WORK ITEM
Every entry below needs to be copied exactly.

☆ ☆ ☆

(* Let $T$ be a simple tree of maximum degree 3 and let $Q=Q(T,4)$ be the graph defined below. Then $Q$ covers $T^{(3)}$, and every covering projection from $Q$ to $T^{(3)}$ is 4-fold (every vertex of $T^{(3)}$ has exactly 4 preimages). Moreover, in every covering projection $f:Q\to T^{(3)}$, the image $f(u_i)$ of every relevant vertex $u_i$ of $Q$ is a semi-simple vertex of $T^{(3)}$.
   Context: A graph may contain edges, loops and semi-edges (a semi-edge is a link with exactly one end-vertex, contributing 1 to that vertex's degree). A covering projection from $G$ to $H$ is a map $f$ sending vertices to vertices and links to links such that: for every edge $e$ of $H$ with end-vertices $u,v$, $f^{-1}(e)$ is a perfect matching between $f^{-1}(u)$ and $f^{-1}(v)$; for every loop $l$ of $H$ at $u$, $f^{-1}(l)$ is a disjoint union of cycles spanning $f^{-1}(u)$; for every semi-edge $s$ of $H$ at $u$, $f^{-1}(s)$ is a disjoint union of edges and semi-edges spanning $f^{-1}(u)$. $T^{(3)}$ is the 3-regular graph obtained from $T$ by attaching $3-\deg_T(u)$ semi-edges to each vertex $u$. A vertex is semi-simple if it is incident with no loops, no multiple edges and at most one semi-edge. The graph $Q(T,4)$: take four disjoint copies of $T$, denoting by $u_i$ the copy of $u\in V_T$ in the $i$-th copy ($i\in[4]$); for every $u$ with $\deg_T u=1$ add the edges $u_1u_2,u_2u_3,u_3u_4,u_4u_1$; for every $u$ with $\deg_T u=2$ add the edges $u_1u_3$ and $u_2u_4$. A vertex $u\in V_T$ is relevant if $\deg_T u=3$, or if $\deg_T u=2$ and $u$ has a neighbor $v$ in $T$ with $\deg_T v\ge 2$; a vertex $u_i$ of $Q$ is relevant if $u$ is relevant in $T$. *)

From mathcomp Require Import all_boot.
Set Implicit Arguments. Unset Strict Implicit. Unset Printing Implicit Defensive.

(* A link l with [gends l = (u, None)] is a semi-edge at u;
   [gends l = (u, Some u)] is a loop at u;
   [gends l = (u, Some v)] with u <> v is an (ordinary) edge uv.      *)
Record graph := Graph {
  gV : finType;
  gL : finType;
  gends : gL -> gV * option gV }.

Definition end_deg (G : graph) (x : gV G) (g : gL G) : nat :=
  match gends g with
  | (u, None) => (u == x)
  | (u, Some v) => (u == x) + (v == x)
  end.

Definition deg_in (G : graph) (S : pred (gL G)) (x : gV G) : nat :=
  \sum_(g | S g) end_deg x g.

(* Covering projection (fv on vertices, fl on links), following the paper:
   - edge e=uv of H : f^-1(e) is a perfect matching between f^-1(u), f^-1(v)
     (all its links are edges joining f^-1(u) to f^-1(v), and every vertex of
      f^-1(u) u f^-1(v) is incident with exactly one of them);
   - loop l at u : f^-1(l) is a disjoint union of cycles spanning f^-1(u)
     (its links are edges/loops inside f^-1(u), and the spanned subgraph is
      2-regular, i.e. a disjoint union of cycles, loops and digons included);
   - semi-edge s at u : f^-1(s) is a disjoint union of edges and semi-edges
     spanning f^-1(u) (its links are edges/semi-edges inside f^-1(u), each
     vertex of f^-1(u) incident with exactly one of them). *)
Definition covering (G H : graph) (fv : gV G -> gV H) (fl : gL G -> gL H)
  : Prop :=
  forall h : gL H,
  match gends h with
  | (u, None) =>
      (forall g, fl g = h ->
         match gends g with
         | (a, None) => fv a = u
         | (a, Some b) => a <> b /\ fv a = u /\ fv b = u
         end) /\
      (forall x, fv x = u -> deg_in (fun g => fl g == h) x = 1)
  | (u, Some v) =>
      if u == v then
        (forall g, fl g = h ->
           exists a b, gends g = (a, Some b) /\ fv a = u /\ fv b = u) /\
        (forall x, fv x = u -> deg_in (fun g => fl g == h) x = 2)
      else
        (forall g, fl g = h ->
           exists a b, gends g = (a, Some b) /\
             ((fv a = u /\ fv b = v) \/ (fv a = v /\ fv b = u))) /\
        (forall x, fv x = u \/ fv x = v -> deg_in (fun g => fl g == h) x = 1)
  end.

Definition covers (G H : graph) : Prop :=
  exists (fv : gV G -> gV H) (fl : gL G -> gL H), covering fv fl.

(* semi-simple vertex: no loops, no multiple edges, at most one semi-edge *)
Definition semi_simple (H : graph) (v : gV H) : Prop :=
  (forall g, gends g <> (v, Some v)) /\
  (forall g1 g2 a1 b1 a2 b2, g1 <> g2 ->
     gends g1 = (a1, Some b1) -> gends g2 = (a2, Some b2) ->
     a1 <> b1 -> (v = a1 \/ v = b1) ->
     ~ ((a1 = a2 /\ b1 = b2) \/ (a1 = b2 /\ b1 = a2))) /\
  (#|[pred g | gends g == (v, None)]| <= 1).

Section Tree.
Variables (VT : finType) (adj : rel VT).

Definition tdeg (u : VT) : nat := #|[pred v | adj u v]|.

Definition connected_graph : Prop := forall x y, connect adj x y.

(* no cycle (of length >= 3, the graph being simple) *)
Definition acyclic_graph : Prop :=
  ~ exists s : seq VT, [/\ 3 <= size s, uniq s & cycle adj s].

Definition is_tree : Prop := connected_graph /\ acyclic_graph.

Definition max_degree3 : Prop :=
  (forall u, tdeg u <= 3) /\ (exists u, tdeg u = 3).

(* edges of T, each listed once (oriented by enum_rank) *)
Definition Tedge := {p : VT * VT | adj p.1 p.2 && (enum_rank p.1 < enum_rank p.2)}.
(* 3 - deg u semi-edges at u *)
Definition Tsemi := {p : VT * 'I_3 | tdeg p.1 <= p.2}.

Definition T3_ends (l : Tedge + Tsemi) : VT * option VT :=
  match l with
  | inl e => ((val e).1, Some (val e).2)
  | inr s => ((val s).1, None)
  end.

Definition T3 : graph := @Graph VT (Tedge + Tsemi)%type T3_ends.

(* Q(T,4): vertex (u, i) is u_{i+1} *)
Definition Qring := {p : VT * 'I_4 | tdeg p.1 == 1}.   (* u_i u_{i+1 mod 4} *)
Definition Qcross := {p : VT * 'I_2 | tdeg p.1 == 2}.  (* u_1u_3 and u_2u_4 *)

Definition QV := (VT * 'I_4)%type.

Definition Q_ends (l : (Tedge * 'I_4) + (Qring + Qcross)) : QV * option QV :=
  match l with
  | inl (e, i) => (((val e).1, i), Some ((val e).2, i))
  | inr (inl r) => (((val r).1, (val r).2),
                    Some ((val r).1, (inord (((val r).2).+1 %% 4) : 'I_4)))
  | inr (inr c) => (((val c).1, (inord (val c).2 : 'I_4)),
                    Some ((val c).1, (inord ((val c).2 + 2) : 'I_4)))
  end.

Definition Q4 : graph :=
  @Graph (QV)%type ((Tedge * 'I_4) + (Qring + Qcross))%type Q_ends.

Definition relevant (u : VT) : bool :=
  (tdeg u == 3) || ((tdeg u == 2) && [exists v, adj u v && (2 <= tdeg v)]).

End Tree.

From mathcomp Require Import all_boot.
Set Implicit Arguments. Unset Strict Implicit. Unset Printing Implicit Defensive.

☆ ☆ ☆

RESULT FOR THIS TASK
(* Let $T$ be a simple tree of maximum degree 3 and let $Q=Q(T,4)$ be the graph defined below. Then $Q$ covers $T^{(3)}$, and every covering projection from $Q$ to $T^{(3)}$ is 4-fold (every vertex of $T^{(3)}$ has exactly 4 preimages). Moreover, in every covering projection $f:Q\to T^{(3)}$, the image $f(u_i)$ of every relevant vertex $u_i$ of $Q$ is a semi-simple vertex of $T^{(3)}$.
   Context: A graph may contain edges, loops and semi-edges (a semi-edge is a link with exactly one end-vertex, contributing 1 to that vertex's degree). A covering projection from $G$ to $H$ is a map $f$ sending vertices to vertices and links to links such that: for every edge $e$ of $H$ with end-vertices $u,v$, $f^{-1}(e)$ is a perfect matching between $f^{-1}(u)$ and $f^{-1}(v)$; for every loop $l$ of $H$ at $u$, $f^{-1}(l)$ is a disjoint union of cycles spanning $f^{-1}(u)$; for every semi-edge $s$ of $H$ at $u$, $f^{-1}(s)$ is a disjoint union of edges and semi-edges spanning $f^{-1}(u)$. $T^{(3)}$ is the 3-regular graph obtained from $T$ by attaching $3-\deg_T(u)$ semi-edges to each vertex $u$. A vertex is semi-simple if it is incident with no loops, no multiple edges and at most one semi-edge. The graph $Q(T,4)$: take four disjoint copies of $T$, denoting by $u_i$ the copy of $u\in V_T$ in the $i$-th copy ($i\in[4]$); for every $u$ with $\deg_T u=1$ add the edges $u_1u_2,u_2u_3,u_3u_4,u_4u_1$; for every $u$ with $\deg_T u=2$ add the edges $u_1u_3$ and $u_2u_4$. A vertex $u\in V_T$ is relevant if $\deg_T u=3$, or if $\deg_T u=2$ and $u$ has a neighbor $v$ in $T$ with $\deg_T v\ge 2$; a vertex $u_i$ of $Q$ is relevant if $u$ is relevant in $T$. *)

From mathcomp Require Import all_boot.
Set Implicit Arguments. Unset Strict Implicit. Unset Printing Implicit Defensive.

(* A link l with [gends l = (u, None)] is a semi-edge at u;
   [gends l = (u, Some u)] is a loop at u;
   [gends l = (u, Some v)] with u <> v is an (ordinary) edge uv.      *)
Record graph := Graph {
  gV : finType;
  gL : finType;
  gends : gL -> gV * option gV }.

Definition end_deg (G : graph) (x : gV G) (g : gL G) : nat :=
  match gends g with
  | (u, None) => (u == x)
  | (u, Some v) => (u == x) + (v == x)
  end.

Definition deg_in (G : graph) (S : pred (gL G)) (x : gV G) : nat :=
  \sum_(g | S g) end_deg x g.

(* Covering projection (fv on vertices, fl on links), following the paper:
   - edge e=uv of H : f^-1(e) is a perfect matching between f^-1(u), f^-1(v)
     (all its links are edges joining f^-1(u) to f^-1(v), and every vertex of
      f^-1(u) u f^-1(v) is incident with exactly one of them);
   - loop l at u : f^-1(l) is a disjoint union of cycles spanning f^-1(u)
     (its links are edges/loops inside f^-1(u), and the spanned subgraph is
      2-regular, i.e. a disjoint union of cycles, loops and digons included);
   - semi-edge s at u : f^-1(s) is a disjoint union of edges and semi-edges
     spanning f^-1(u) (its links are edges/semi-edges inside f^-1(u), each
     vertex of f^-1(u) incident with exactly one of them). *)
Definition covering (G H : graph) (fv : gV G -> gV H) (fl : gL G -> gL H)
  : Prop :=
  forall h : gL H,
  match gends h with
  | (u, None) =>
      (forall g, fl g = h ->
         match gends g with
         | (a, None) => fv a = u
         | (a, Some b) => a <> b /\ fv a = u /\ fv b = u
         end) /\
      (forall x, fv x = u -> deg_in (fun g => fl g == h) x = 1)
  | (u, Some v) =>
      if u == v then
        (forall g, fl g = h ->
           exists a b, gends g = (a, Some b) /\ fv a = u /\ fv b = u) /\
        (forall x, fv x = u -> deg_in (fun g => fl g == h) x = 2)
      else
        (forall g, fl g = h ->
           exists a b, gends g = (a, Some b) /\
             ((fv a = u /\ fv b = v) \/ (fv a = v /\ fv b = u))) /\
        (forall x, fv x = u \/ fv x = v -> deg_in (fun g => fl g == h) x = 1)
  end.

Definition covers (G H : graph) : Prop :=
  exists (fv : gV G -> gV H) (fl : gL G -> gL H), covering fv fl.

(* semi-simple vertex: no loops, no multiple edges, at most one semi-edge *)
Definition semi_simple (H : graph) (v : gV H) : Prop :=
  (forall g, gends g <> (v, Some v)) /\
  (forall g1 g2 a1 b1 a2 b2, g1 <> g2 ->
     gends g1 = (a1, Some b1) -> gends g2 = (a2, Some b2) ->
     a1 <> b1 -> (v = a1 \/ v = b1) ->
     ~ ((a1 = a2 /\ b1 = b2) \/ (a1 = b2 /\ b1 = a2))) /\
  (#|[pred g | gends g == (v, None)]| <= 1).

Section Tree.
Variables (VT : finType) (adj : rel VT).

Definition tdeg (u : VT) : nat := #|[pred v | adj u v]|.

Definition connected_graph : Prop := forall x y, connect adj x y.

(* no cycle (of length >= 3, the graph being simple) *)
Definition acyclic_graph : Prop :=
  ~ exists s : seq VT, [/\ 3 <= size s, uniq s & cycle adj s].

Definition is_tree : Prop := connected_graph /\ acyclic_graph.

Definition max_degree3 : Prop :=
  (forall u, tdeg u <= 3) /\ (exists u, tdeg u = 3).

(* edges of T, each listed once (oriented by enum_rank) *)
Definition Tedge := {p : VT * VT | adj p.1 p.2 && (enum_rank p.1 < enum_rank p.2)}.
(* 3 - deg u semi-edges at u *)
Definition Tsemi := {p : VT * 'I_3 | tdeg p.1 <= p.2}.

Definition T3_ends (l : Tedge + Tsemi) : VT * option VT :=
  match l with
  | inl e => ((val e).1, Some (val e).2)
  | inr s => ((val s).1, None)
  end.

Definition T3 : graph := @Graph VT (Tedge + Tsemi)%type T3_ends.

(* Q(T,4): vertex (u, i) is u_{i+1} *)
Definition Qring := {p : VT * 'I_4 | tdeg p.1 == 1}.   (* u_i u_{i+1 mod 4} *)
Definition Qcross := {p : VT * 'I_2 | tdeg p.1 == 2}.  (* u_1u_3 and u_2u_4 *)

Definition QV := (VT * 'I_4)%type.

Definition Q_ends (l : (Tedge * 'I_4) + (Qring + Qcross)) : QV * option QV :=
  match l with
  | inl (e, i) => (((val e).1, i), Some ((val e).2, i))
  | inr (inl r) => (((val r).1, (val r).2),
                    Some ((val r).1, (inord (((val r).2).+1 %% 4) : 'I_4)))
  | inr (inr c) => (((val c).1, (inord (val c).2 : 'I_4)),
                    Some ((val c).1, (inord ((val c).2 + 2) : 'I_4)))
  end.

Definition Q4 : graph :=
  @Graph (QV)%type ((Tedge * 'I_4) + (Qring + Qcross))%type Q_ends.

Definition relevant (u : VT) : bool :=
  (tdeg u == 3) || ((tdeg u == 2) && [exists v, adj u v && (2 <= tdeg v)]).

End Tree.

From mathcomp Require Import all_boot.
Set Implicit Arguments. Unset Strict Implicit. Unset Printing Implicit Defensive.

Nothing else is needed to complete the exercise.